Is It Time for a National Tort Reform? 

With the Supreme Court upholding the nationwide implementation of the ACA, the topic of tort reform adoption on a national scale has been in the limelight again.

Since the 1970s, the issue of national tort reform has had several reincarnations in the country’s different legislative bodies (1). The duration of the debates and discussions are largely dependent on the interest and influence of the two major stakeholders - the insurance companies and the physicians.

Currently, 38 states have implemented various versions of tort reform, mostly centered on the caps on noneconomic damages (2).

Groups advocating for national tort reform argue that having no limits on medical malpractice financial awards, has fueled the practice of ‘defensive medicine’. This leads to costly but ineffective medical interventions and higher insurance premiums.

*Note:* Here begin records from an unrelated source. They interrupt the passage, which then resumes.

Lemma scaled_law_integral
    (iZ1 : P.-integrable E1 (fun x => (Z x)%:E))
    (iZ2 : P.-integrable E2 (fun x => (Z x)%:E)) :
  (a%:E * \int[P]_(x in E1) (Z x)%:E = b%:E * \int[P]_(x in E2) (Z x)%:E)%E.
Proof.
have posE E : (\int[P]_(x in E) (fun x => (Z x)%:E)^\+ x =
    \int[P]_(x in E) (Num.max (Z x) 0)%:E)%E.
  by apply: eq_integral => x _; rewrite funeposE EFin_max.
have negE E : (\int[P]_(x in E) (fun x => (Z x)%:E)^\- x =
    \int[P]_(x in E) (Num.max (- Z x) 0)%:E)%E.
  by apply: eq_integral => x _; rewrite funenegE EFin_max EFinN.
have [mpos mneg] : measurable_fun setT (fun x : R => Num.max x 0) /\
    measurable_fun setT (fun x : R => Num.max (- x) 0).
  by split; apply: measurable_maxr => //; exact: measurableT_comp.
have [pos_ge0 neg_ge0] : (forall x : R, 0 <= Num.max x 0) /\
    (forall x : R, 0 <= Num.max (- x) 0).
  by split=> x; rewrite le_max lexx orbT.
have negN_fin E : measurable E -> P.-integrable E (fun x => (Z x)%:E) ->
    (- \int[P]_(x in E) (Num.max (- Z x) 0)%:E)%E \is a fin_num.
  by move=> mE iZ; rewrite fin_numN -negE; exact: integrable_neg_fin_num.
rewrite [in LHS]integralE [in RHS]integralE !posE !negE.
rewrite muleBr ?fin_num_adde_defl ?negN_fin //.
rewrite [in RHS]muleBr ?fin_num_adde_defl ?negN_fin //.
by rewrite (scaled_law_integral_ge0 mpos) // (scaled_law_integral_ge0 mneg).
Qed.

End scaled_law.

Section probability_fine.
Context d (T : measurableType d) (R : realType) (P : probability T R).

Both consequences are cited as major contributors to the country’s spiraling healthcare expenditure (1,2). Proponents also contend that the absence of tort reform negatively affects the size and composition of the physician workforce (3). Statistics show that states with damage caps have 12% more physicians per capita than those without (4).

On the other hand, those against national tort reform claim that caps on medical malpractice lawsuits would lead to more medical errors and negligent physician practices. They also cited the lack of supporting evidence of tort reform’s favorable effect on the reduction of healthcare spending (1).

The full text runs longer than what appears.